Karnataka chief minister B S Yedyurappa appealed to migrant workers not to leave Karnataka but it has not had an effect. “The magnitude of their demand to go home during the pandemic points not just to the fact that there are millions of them, but also to the reality that they do not see the cities, where they have spent many years, to be their homes. The village provides a safety net to which they return whenever the urban turns uncertain," said Dr Narendar Pani, an economist at National Institute of Advanced Studies.

For the workers, the pandemic and the lockdown have proved that the city that ran on their labour has no space for them in a crisis. Govind Mondal from Bengal’s Nadia district works at a large construction site in the city. More than 100 of his fellow workers have already left. “I stayed back because I thought work would restart. My family is worried, and I’ve decided to leave in the first week of June. Those who have left will not return for six months," he said.

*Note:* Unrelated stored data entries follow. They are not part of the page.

(* Let $(X,\mathscr{L}_X)$ and $(Y,\mathscr{L}_Y)$ be weak Lipschitz spaces and let $f: X\to Y$ be a weak Lipschitz map. Then $f$ is continuous with respect to the topologies $\widehat{\tau}(\mathscr{L}_X)$ on $X$ and $\widehat{\tau}(\mathscr{L}_Y)$ on $Y$.
   Context: A weak pseudo-metric on a set $Z$ is a symmetric map $d: Z\times Z\to[0,\infty)$ satisfying $d(z_1,z_2)\le d(z_1,z)+d(z,z_2)$ for all $z,z_1,z_2$ and vanishing at at least one point of the diagonal (not necessarily on the whole diagonal). A weak Lipschitz structure for $Z$ is a non-empty family $\mathscr{L}$ of weak pseudo-metrics on $Z$ such that (L1) if $d$ is a weak pseudo-metric with $d\le d_1$ for some $d_1\in\mathscr{L}$ then $d\in\mathscr{L}$; (L2) $d\in\mathscr{L}$ implies $\alpha d\in\mathscr{L}$ for all real $\alpha>0$; (L3) $d_1,d_2\in\mathscr{L}$ imply $d_1\vee d_2\in\mathscr{L}$; the pair $(Z,\mathscr{L})$ is a weak Lipschitz space. $\widehat{\tau}(\mathscr{L})$ is the topology on $Z$ generated (as a subbase) by the sets $U_{d,\varepsilon}(z)=\{\xi\in Z: d(\xi,z)<\varepsilon\}$ with $d\in\mathscr{L}$, $z\in Z$, and real $\varepsilon>d(z,z)$. A map $f:X\to Y$ is a weak Lipschitz map if for every $d_Y\in\mathscr{L}_Y$ there is $d_X\in\mathscr{L}_X$ with $d_Y(f(x_1),f(x_2))\le d_X(x_1,x_2)$ for all $x_1,x_2\in X$. *)

From Stdlib Require Import Reals.
Open Scope R_scope.

Definition weak_pseudo_metric {Z : Type} (d : Z -> Z -> R) : Prop :=
  (forall z1 z2, 0 <= d z1 z2) /\
  (forall z1 z2, d z1 z2 = d z2 z1) /\
  (forall z z1 z2, d z1 z2 <= d z1 z + d z z2) /\
  (exists z, d z z = 0).

Definition weak_lipschitz_structure {Z : Type} (L : (Z -> Z -> R) -> Prop) : Prop :=
  (exists d, L d) /\
  (forall d, L d -> weak_pseudo_metric d) /\
  (forall d d1, weak_pseudo_metric d -> L d1 ->
     (forall x y, d x y <= d1 x y) -> L d) /\
  (forall d (a : R), L d -> 0 < a -> L (fun x y => a * d x y)) /\
  (forall d1 d2, L d1 -> L d2 -> L (fun x y => Rmax (d1 x y) (d2 x y))).

Definition U_ball {Z : Type} (d : Z -> Z -> R) (eps : R) (z : Z) : Z -> Prop :=
  fun xi => d xi z < eps.

Definition hat_subbase {Z : Type} (L : (Z -> Z -> R) -> Prop) (U : Z -> Prop) : Prop :=
  exists d eps z, L d /\ d z z < eps /\ (forall xi, U xi <-> U_ball d eps z xi).

Inductive generated_open {Z : Type} (S : (Z -> Prop) -> Prop) : (Z -> Prop) -> Prop :=
  | go_sub : forall U, S U -> generated_open S U
  | go_full : forall U, (forall x, U x) -> generated_open S U
  | go_inter : forall U V W, generated_open S U -> generated_open S V ->
      (forall x, W x <-> (U x /\ V x)) -> generated_open S W
  | go_union : forall (I : Type) (F : I -> Z -> Prop) W,
      (forall i, generated_open S (F i)) ->
      (forall x, W x <-> exists i, F i x) -> generated_open S W.

Definition hat_open {Z : Type} (L : (Z -> Z -> R) -> Prop) (U : Z -> Prop) : Prop :=
  generated_open (hat_subbase L) U.

Definition weak_lipschitz_map {X Y : Type} (LX : (X -> X -> R) -> Prop)
  (LY : (Y -> Y -> R) -> Prop) (f : X -> Y) : Prop :=
  forall dY, LY dY -> exists dX, LX dX /\
    forall x1 x2, dY (f x1) (f x2) <= dX x1 x2.

Definition continuous_hat {X Y : Type} (LX : (X -> X -> R) -> Prop)
  (LY : (Y -> Y -> R) -> Prop) (f : X -> Y) : Prop :=
  forall V : Y -> Prop, hat_open LY V -> hat_open LX (fun x => V (f x)).

(** The subbasic set {y | dY y y0 < eps} pulls back under f to the sublevel set
    {x | phi x < eps} of phi x := dY (f x) y0.  By the reverse triangle inequality
    |phi a - phi b| <= dY (f a) (f b) <= dX a b for some dX in LX, so by (L1) the
    weak pseudo-metric |phi a - phi b| itself lies in LX; every sublevel set of such
    a phi is a union of its balls, hence open.  (The balls of dX itself would not
    do: dX x x may be positive, so they can be too large; |phi a - phi b| vanishes
    on the whole diagonal.)  Preimages commute with the operations generating a
    topology from a subbase, which gives continuity. *)

From Stdlib Require Import Reals Lra.
Open Scope R_scope.

Lemma generated_open_preimage {X Y : Type}
  (SX : (X -> Prop) -> Prop) (SY : (Y -> Prop) -> Prop) (f : X -> Y) :
  (forall V, SY V -> generated_open SX (fun x => V (f x))) ->
  forall V, generated_open SY V -> generated_open SX (fun x => V (f x)).
Proof.
  intros Hsub V HV. induction HV as [V HV | V HV | U V W _ IHU _ IHV HW
                                     | I F W _ IHF HW].
  - exact (Hsub V HV).
  - exact (go_full _ _ (fun x => HV (f x))).
  - apply (go_inter _ _ _ _ IHU IHV). intros x. apply HW.
  - apply (go_union _ I (fun i x => F i (f x))); [exact IHF |].
    intros x. apply HW.
Qed.

Lemma abs_diff_weak_pseudo_metric {Z : Type} (phi : Z -> R) (z0 : Z) :
  weak_pseudo_metric (fun a b => Rabs (phi a - phi b)).
Proof.
  split; [| split; [| split]].
  - intros a b. apply Rabs_pos.
  - intros a b. apply Rabs_minus_sym.
  - intros z a b.
    replace (phi a - phi b) with ((phi a - phi z) + (phi z - phi b)) by ring.
    apply Rabs_triang.
  - exists z0. rewrite Rminus_diag. apply Rabs_R0.
Qed.

Lemma weak_pseudo_metric_reverse_triangle {Z : Type} (d : Z -> Z -> R) :
  weak_pseudo_metric d ->
  forall a b z, Rabs (d a z - d b z) <= d a b.
Proof.
  intros [_ [Hsym [Htri _]]] a b z.
  apply Rabs_le.
  pose proof (Htri b a z). pose proof (Htri a b z).
  rewrite (Hsym b a) in *. lra.
Qed.

Lemma sublevel_hat_open {Z : Type} (L : (Z -> Z -> R) -> Prop)
  (phi : Z -> R) (eps : R) (W : Z -> Prop) :
  L (fun a b => Rabs (phi a - phi b)) ->
  (forall z, W z <-> phi z < eps) -> hat_open L W.
Proof.
  intros Hphi HW.
  set (dphi := fun a b => Rabs (phi a - phi b)).
  assert (Hdiag : forall z, dphi z z = 0).
  { intros z. unfold dphi. rewrite Rminus_diag. apply Rabs_R0. }
  apply (go_union _ {z0 : Z | phi z0 < eps}
           (fun p => U_ball dphi (eps - phi (proj1_sig p)) (proj1_sig p))).
  - intros [z0 Hz0]. apply go_sub. simpl.
    exists dphi, (eps - phi z0), z0.
    split; [exact Hphi | split; [rewrite Hdiag; lra | tauto]].
  - intros z. rewrite HW. unfold U_ball. split.
    + intros Hz. exists (exist _ z Hz). simpl. rewrite Hdiag. lra.
    + intros [[z0 Hz0] Hball]. simpl in Hball.
      pose proof (Rle_abs (phi z - phi z0)). unfold dphi in Hball. lra.
Qed.

Lemma weak_lipschitz_map_subbase_preimage (X Y : Type)
  (LX : (X -> X -> R) -> Prop) (LY : (Y -> Y -> R) -> Prop)
  (HX : weak_lipschitz_structure LX) (HY : weak_lipschitz_structure LY)
  (f : X -> Y) (Hf : weak_lipschitz_map LX LY f) (V : Y -> Prop) :
  hat_subbase LY V -> hat_open LX (fun x => V (f x)).
Proof.
  intros [dY [eps [y [HdY [_ HV]]]]].
  destruct HX as [_ [HXwpm [HXdown _]]].
  destruct HY as [_ [HYwpm _]].
  destruct (Hf dY HdY) as [dX [HdX HdXdom]].
  destruct (HXwpm dX HdX) as [_ [_ [_ [x0 _]]]].
  apply (sublevel_hat_open LX (fun x => dY (f x) y) eps).
  - apply (HXdown _ dX (abs_diff_weak_pseudo_metric _ x0) HdX).
    intros a b. eapply Rle_trans; [| apply HdXdom].
    apply weak_pseudo_metric_reverse_triangle, HYwpm, HdY.
  - intros x. apply HV.
Qed.

Theorem theorem4p5 (X Y : Type)
  (LX : (X -> X -> R) -> Prop) (LY : (Y -> Y -> R) -> Prop)
  (HX : weak_lipschitz_structure LX) (HY : weak_lipschitz_structure LY)
  (f : X -> Y) (Hf : weak_lipschitz_map LX LY f) :
  continuous_hat LX LY f.
Proof.
  intros V HV.
  apply (generated_open_preimage (hat_subbase LX) (hat_subbase LY) f); [| exact HV].
  exact (weak_lipschitz_map_subbase_preimage X Y LX LY HX HY f Hf).
Qed.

Tushar Kumar Mohanty from Odisha’s Balasore district cooks at eight gated communities on Bannerghatta Road, his day starting at 5am and stretching till 9pm. He and other cooks from his village earned 35,000 per month, saving enough for themselves despite sending a considerable amount back home. He has not earned a rupee for two months, he says. “A bus with 31 of my friends and relatives left for Balasore and Bhadrak in Odisha last week. They worked here as plumbers, cooks, security guards and sales assistants in malls. How long could they stay without earning? I too will leave if my employers do not call me back next week," he said.

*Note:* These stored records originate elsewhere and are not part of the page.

(* Let $\mathcal X\subseteq[0,1]$ be a Borel set with $0,1\in\mathcal X$, fix $\mu\in(0,1)$ and let $I_\mu=[(\mu-1)^{-1},\mu^{-1}]$. For $\lambda\in I_\mu$ let $E_\lambda(x)=1+\lambda(x-\mu)$ and for $\alpha\in\mathbb R$ let $E^{\mathrm H}_\alpha(x)=e^{\alpha(x-\mu)-\alpha^2/8}$, for $x\in\mathcal X$. Then for each $\alpha\in\mathbb R$ there is $\lambda_\alpha\in I_\mu$ such that $E_{\lambda_\alpha}(x)\ge E^{\mathrm H}_\alpha(x)$ for all $x\in\mathcal X$. On the other hand, for any non-zero $\lambda\in I_\mu$ and every $\alpha\in\mathbb R$, there is at least one point $x_\alpha\in\mathcal X$ such that $E^{\mathrm H}_\alpha(x_\alpha)<E_\lambda(x_\alpha)$. *)

From HB Require Import structures.
From mathcomp Require Import all_boot all_order all_algebra.
From mathcomp Require Import all_classical all_reals all_analysis.
Set Implicit Arguments. Unset Strict Implicit. Unset Printing Implicit Defensive.
Import Order.TTheory GRing.Theory Num.Theory.
Local Open Scope ring_scope.
Local Open Scope classical_set_scope.

Definition E_lin (R : realType) (mu lambda x : R) : R := 1 + lambda * (x - mu).

Definition E_hoef (R : realType) (mu alpha x : R) : R :=
  expR (alpha * (x - mu) - alpha ^+ 2 / 8).

Definition I_mu (R : realType) (mu : R) : set R := `[(mu - 1)^-1, mu^-1].

Definition borel_set (R : realType) (A : set R) : Prop :=
  @measurable _ (measurableTypeR R) A.

From HB Require Import structures.
From mathcomp Require Import all_boot all_order all_algebra.
From mathcomp Require Import all_classical all_reals all_analysis.
From mathcomp Require Import ring lra.
Import Order.TTheory GRing.Theory Num.Theory numFieldNormedType.Exports.
Local Open Scope ring_scope.
Local Open Scope classical_set_scope.
Set Implicit Arguments.
Unset Strict Implicit.

(** Everything rests on Hoeffding's lemma for the law on {0, 1} with mean mu,
    together with its equality case:
    (1 - mu) E^H_alpha(0) + mu E^H_alpha(1) <= 1, strictly unless alpha = 0.
    E^H_alpha is convex, so on [0, 1] it lies below its chord through 0 and 1;
    by Hoeffding's lemma that chord lies below the line E_lambda of the same
    slope lambda = E^H_alpha(1) - E^H_alpha(0), and this slope lies in I_mu.
    Conversely every E_lambda has mean 1 under the two-point law, so
    E^H_alpha >= E_lambda at both 0 and 1 contradicts the strict inequality
    when alpha != 0, and forces lambda = 0 when alpha = 0. *)

Section derivative_sign.
Variable R : realType.
Implicit Types (a b c : R).

Lemma is_derive_gt0_lt (f df : R -> R) a b :
  (forall x, is_derive x (1 : R) f (df x)) ->
  (forall x, a < x < b -> 0 < df x) -> a < b -> f a < f b.
Proof.
move=> f_df df_gt0 ab.
have cf : continuous f.
  by move=> x; apply/differentiable_continuous/derivable1_diffP; case: (f_df x).
apply: (@gtr0_derive1_lt_cc _ f a b) => //.
- by move=> x; rewrite in_itv /= derive1E derive_val => /df_gt0.
- exact: continuous_subspaceT.
- by rewrite in_itv /= lexx ltW.
- by rewrite in_itv /= lexx ltW.
Qed.

Lemma is_derive_lt0_gt (f df : R -> R) a b :
  (forall x, is_derive x (1 : R) f (df x)) ->
  (forall x, a < x < b -> df x < 0) -> a < b -> f b < f a.
Proof.
move=> f_df df_lt0 ab; rewrite -ltrN2.
by apply: (@is_derive_gt0_lt (- f) (- df)) => // x /df_lt0; rewrite oppr_gt0.
Qed.

Lemma is_derive_gt0_but1_lt (f df : R -> R) c :
  (forall x, is_derive x (1 : R) f (df x)) ->
  (forall x, x != c -> 0 < df x) -> {homo f : x y / x < y}.
Proof.
move=> f_df df_gt0 x y xy.
have gt0_off_c u v : c \notin `]u, v[%R -> forall z, u < z < v -> 0 < df z.
  by move=> cuv z zuv; apply: df_gt0; apply: contraNneq cuv => <-; rewrite in_itv.
have [|c_out] := boolP (c \in `]x, y[%R); last first.
  exact: is_derive_gt0_lt f_df (gt0_off_c _ _ c_out) xy.
rewrite in_itv /= => /andP[xc cy].
apply: (@lt_trans _ _ (f c)); apply: is_derive_gt0_lt => //; apply: gt0_off_c.
- by rewrite in_itv /= ltxx andbF.
- by rewrite in_itv /= ltxx.
Qed.

End derivative_sign.

Section hoeffding_two_point.
Variables (R : realType) (mu : R).
Hypotheses (mu_gt0 : 0 < mu) (mu_lt1 : mu < 1).

Definition bernoulli_mgf (u : R) := 1 - mu + mu * expR u.

(** [hoeffding_gap u] is [ln] of the ratio of the sub-Gaussian bound to the
    moment generating function of the centred law. *)
Definition hoeffding_gap (u : R) := u ^+ 2 / 8 + mu * u - ln (bernoulli_mgf u).

Definition hoeffding_gap' (u : R) := u / 4 + mu - 1 + (1 - mu) / bernoulli_mgf u.

Lemma bernoulli_mgf_gt0 u : 0 < bernoulli_mgf u.
Proof. by rewrite /bernoulli_mgf addr_gt0 ?subr_gt0 ?mulr_gt0 ?expR_gt0. Qed.

Lemma is_derive_bernoulli_mgf u :
  is_derive u (1 : R) bernoulli_mgf (mu * expR u).
Proof. by apply: is_derive_eq; rewrite add0r mul1r. Qed.

Lemma is_derive_hoeffding_gap u :
  is_derive u (1 : R) hoeffding_gap (hoeffding_gap' u).
Proof.
have D_gt0 := bernoulli_mgf_gt0 u.
have dlnD : is_derive u (1 : R) (@ln R \o bernoulli_mgf)
    ((bernoulli_mgf u)^-1 * (mu * expR u)).
  exact: is_derive1_comp (is_derive1_ln D_gt0) (is_derive_bernoulli_mgf u).
have -> : hoeffding_gap = fun u => u ^+ 2 / 8 + mu * u - (@ln R \o bernoulli_mgf) u by [].
apply: is_derive_eq.
rewrite !scaler0 add0r /GRing.scale /= !mulr1.
by rewrite /hoeffding_gap' /bernoulli_mgf in D_gt0 *; field; lra.
Qed.

(** The second derivative [1/4 - p (1 - p)], with [p = mu e^u / mgf u],
    written as a square: it vanishes only where [p = 1/2]. *)
Lemma is_derive_hoeffding_gap' u :
  is_derive u (1 : R) hoeffding_gap'
    (((1 - mu) - mu * expR u) ^+ 2 / (4 * bernoulli_mgf u ^+ 2)).
Proof.
have D_gt0 := bernoulli_mgf_gt0 u.
have dinvD : is_derive u (1 : R) (fun v => (bernoulli_mgf v)^-1)
    (- (bernoulli_mgf u) ^- 2 *: (mu * expR u)).
  by apply: is_deriveV; [rewrite gt_eqF | exact: is_derive_bernoulli_mgf].
have -> : hoeffding_gap' = fun u => u / 4 + mu - 1 + (1 - mu) * (bernoulli_mgf u)^-1 by [].
apply: is_derive_eq.
rewrite /GRing.scale /=.
by rewrite /bernoulli_mgf in D_gt0 *; field; lra.
Qed.

Lemma hoeffding_gap'_incr : {homo hoeffding_gap' : x y / x < y}.
Proof.
apply: (is_derive_gt0_but1_lt (c := ln ((1 - mu) / mu)) is_derive_hoeffding_gap').
move=> u u_neq; apply: divr_gt0; last by rewrite mulr_gt0 ?exprn_gt0 ?bernoulli_mgf_gt0.
rewrite exprn_even_gt0 //=; apply: contra u_neq => /eqP crit.
have -> : (1 - mu) / mu = expR u by rewrite (subr0_eq crit) mulrC mulKf ?gt_eqF.
by rewrite expRK.
Qed.

Lemma hoeffding_gap_gt0 a : a != 0 -> 0 < hoeffding_gap a.
Proof.
have gap0 : hoeffding_gap 0 = 0.
  by rewrite /hoeffding_gap /bernoulli_mgf expR0 mulr1 subrK ln1; ring.
have gap'0 : hoeffding_gap' 0 = 0.
  by rewrite /hoeffding_gap' /bernoulli_mgf expR0 mulr1 subrK divr1; ring.
move=> a_neq0; rewrite -gap0.
case: (ltgtP a 0) => [a_lt0|a_gt0|a0]; last by rewrite a0 eqxx in a_neq0.
- apply: (is_derive_lt0_gt is_derive_hoeffding_gap) => // x /andP[_ x_lt0].
  by rewrite -gap'0; exact: hoeffding_gap'_incr.
- apply: (is_derive_gt0_lt is_derive_hoeffding_gap) => // x /andP[x_gt0 _].
  by rewrite -gap'0; exact: hoeffding_gap'_incr.
Qed.

Lemma hoeffding_two_point_lt a : a != 0 ->
  (1 - mu) * E_hoef mu a 0 + mu * E_hoef mu a 1 < 1.
Proof.
move=> /hoeffding_gap_gt0; rewrite /hoeffding_gap subr_gt0.
set t := a ^+ 2 / 8 + mu * a => lnD_lt.
have E0 : E_hoef mu a 0 = expR (- t) by rewrite /E_hoef /t; congr expR; ring.
have E1 : E_hoef mu a 1 = expR a * expR (- t).
  by rewrite /E_hoef /t -expRD; congr expR; ring.
rewrite E0 E1 mulrA -mulrDl -/(bernoulli_mgf a) expRN ltr_pdivrMr ?expR_gt0 // mul1r.
by rewrite -[bernoulli_mgf a]lnK ?posrE ?bernoulli_mgf_gt0 // ltr_expR.
Qed.

Lemma hoeffding_two_point_le a :
  (1 - mu) * E_hoef mu a 0 + mu * E_hoef mu a 1 <= 1.
Proof.
have [->|a_neq0] := eqVneq a 0; last exact/ltW/hoeffding_two_point_lt.
by rewrite /E_hoef !mul0r expr0n /= mul0r subr0 expR0 !mulr1 subrK.
Qed.

Lemma E_lin_mean lambda : (1 - mu) * E_lin mu lambda 0 + mu * E_lin mu lambda 1 = 1.
Proof. by rewrite /E_lin; ring. Qed.

Lemma chord_le_E_lin g0 g1 x : (1 - mu) * g0 + mu * g1 <= 1 ->
  (1 - x) * g0 + x * g1 <= E_lin mu (g1 - g0) x.
Proof. by rewrite /E_lin; lra. Qed.

Lemma chord_slope_in_I_mu g0 g1 : 0 < g0 -> 0 < g1 ->
  (1 - mu) * g0 + mu * g1 <= 1 -> I_mu mu (g1 - g0).
Proof.
move=> g0_gt0 g1_gt0 mean_le1; rewrite /I_mu /= in_itv /=.
have mu1_lt0 : mu - 1 < 0 by rewrite subr_lt0.
rewrite -[(mu - 1)^-1]div1r -[mu^-1]div1r ler_ndivrMr // ler_pdivlMr //.
by apply/andP; split; nra.
Qed.

Lemma E_hoef_lt_E_lin_at_0_or_1 alpha lambda : lambda != 0 ->
  E_hoef mu alpha 0 < E_lin mu lambda 0 \/ E_hoef mu alpha 1 < E_lin mu lambda 1.
Proof.
move=> lambda_neq0; rewrite !ltNge; apply/orP; rewrite -negb_and; apply/negP.
move=> /andP[ge0 ge1].
have mean_ge1 : 1 <= (1 - mu) * E_hoef mu alpha 0 + mu * E_hoef mu alpha 1.
  by rewrite -[leLHS](E_lin_mean lambda) lerD // ler_wpM2l // ?subr_ge0 ltW.
have [alpha0|/hoeffding_two_point_lt] := eqVneq alpha 0; last by rewrite ltNge mean_ge1.
move: ge0 ge1; rewrite alpha0 /E_hoef /E_lin !mul0r expr0n /= mul0r subr0 expR0 !gerDl.
rewrite sub0r mulrN oppr_le0 pmulr_lge0 // pmulr_lle0 ?subr_gt0 // => ge0 le0.
by rewrite eq_le le0 ge0 in lambda_neq0.
Qed.

End hoeffding_two_point.

Lemma expR_le_chord (R : realType) (A B x : R) : 0 <= x <= 1 ->
  expR ((1 - x) * A + x * B) <= (1 - x) * expR A + x * expR B.
Proof.
move=> /andP[x_ge0 x_le1].
have := convex_expR (Itv01 x_ge0 x_le1) B A.
by rewrite !convRE /= addrC [leRHS]addrC.
Qed.

Lemma E_hoef_le_chord (R : realType) (mu alpha x : R) : 0 <= x <= 1 ->
  E_hoef mu alpha x <= (1 - x) * E_hoef mu alpha 0 + x * E_hoef mu alpha 1.
Proof.
move=> x01; rewrite /E_hoef.
have -> : alpha * (x - mu) - alpha ^+ 2 / 8 =
    (1 - x) * (alpha * (0 - mu) - alpha ^+ 2 / 8) + x * (alpha * (1 - mu) - alpha ^+ 2 / 8).
  by ring.
exact: expR_le_chord.
Qed.

Theorem proposition2 (R : realType) (X : set R) (mu : R)
  (hXb : borel_set X) (hX01 : X `<=` `[0, 1])
  (hX0 : X 0) (hX1 : X 1) (hmu0 : 0 < mu) (hmu1 : mu < 1) :
  (forall alpha : R, exists2 lambda : R, I_mu mu lambda &
      forall x, X x -> E_hoef mu alpha x <= E_lin mu lambda x) /\
  (forall lambda : R, I_mu mu lambda -> lambda != 0 ->
      forall alpha : R, exists2 x : R, X x &
        E_hoef mu alpha x < E_lin mu lambda x).
Proof.
split=> [alpha | lambda _ lambda_neq0 alpha].
- have mean_le1 := hoeffding_two_point_le hmu0 hmu1 alpha.
  exists (E_hoef mu alpha 1 - E_hoef mu alpha 0).
    exact: chord_slope_in_I_mu (expR_gt0 _) (expR_gt0 _) mean_le1.
  move=> x /hX01; rewrite /= in_itv /= => x01.
  exact: le_trans (E_hoef_le_chord _ _ x01) (chord_le_E_lin _ mean_le1).
- have [lt0|lt1] := E_hoef_lt_E_lin_at_0_or_1 hmu0 hmu1 alpha lambda_neq0.
  + by exists 0.
  + by exists 1.
Qed.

Vishwadeep Das came to Bengaluru from Odisha five years ago and has been working as a plumber. His roommates have returned home. “The lockdown has been difficult. My contractor did not pay me, and I could not pay my room rent. Luckily, I got a job at an apartment complex recently," said Das.

The lockdown has exposed the class divides that define urban India. “The government didn’t mention them after the lockdown was imposed. Everybody woke up when they hit the streets and started walking home," said Yadav.

Yusuf Ahmed from Kurnool in Andhra Pradesh, who works at a mall construction site, said most of the labourers were from UP and Bihar. As construction work stopped during the lockdown, most left the city. Construction has resumed, “but there barely anybody to work," he said.

Prabhat P Ghosh, Director, Asian Development Research Institute, Patna, believes the workers will have to return eventually as there are no jobs or opportunities in the villages. “UP, Bihar and Bengal are the most densely populated states with a limited carrying capacity of land to support their population. These states have minimum industrialization. So, people are forced to go out to earn," he said. “Unless the huge regional disparity in India ends, this will continue."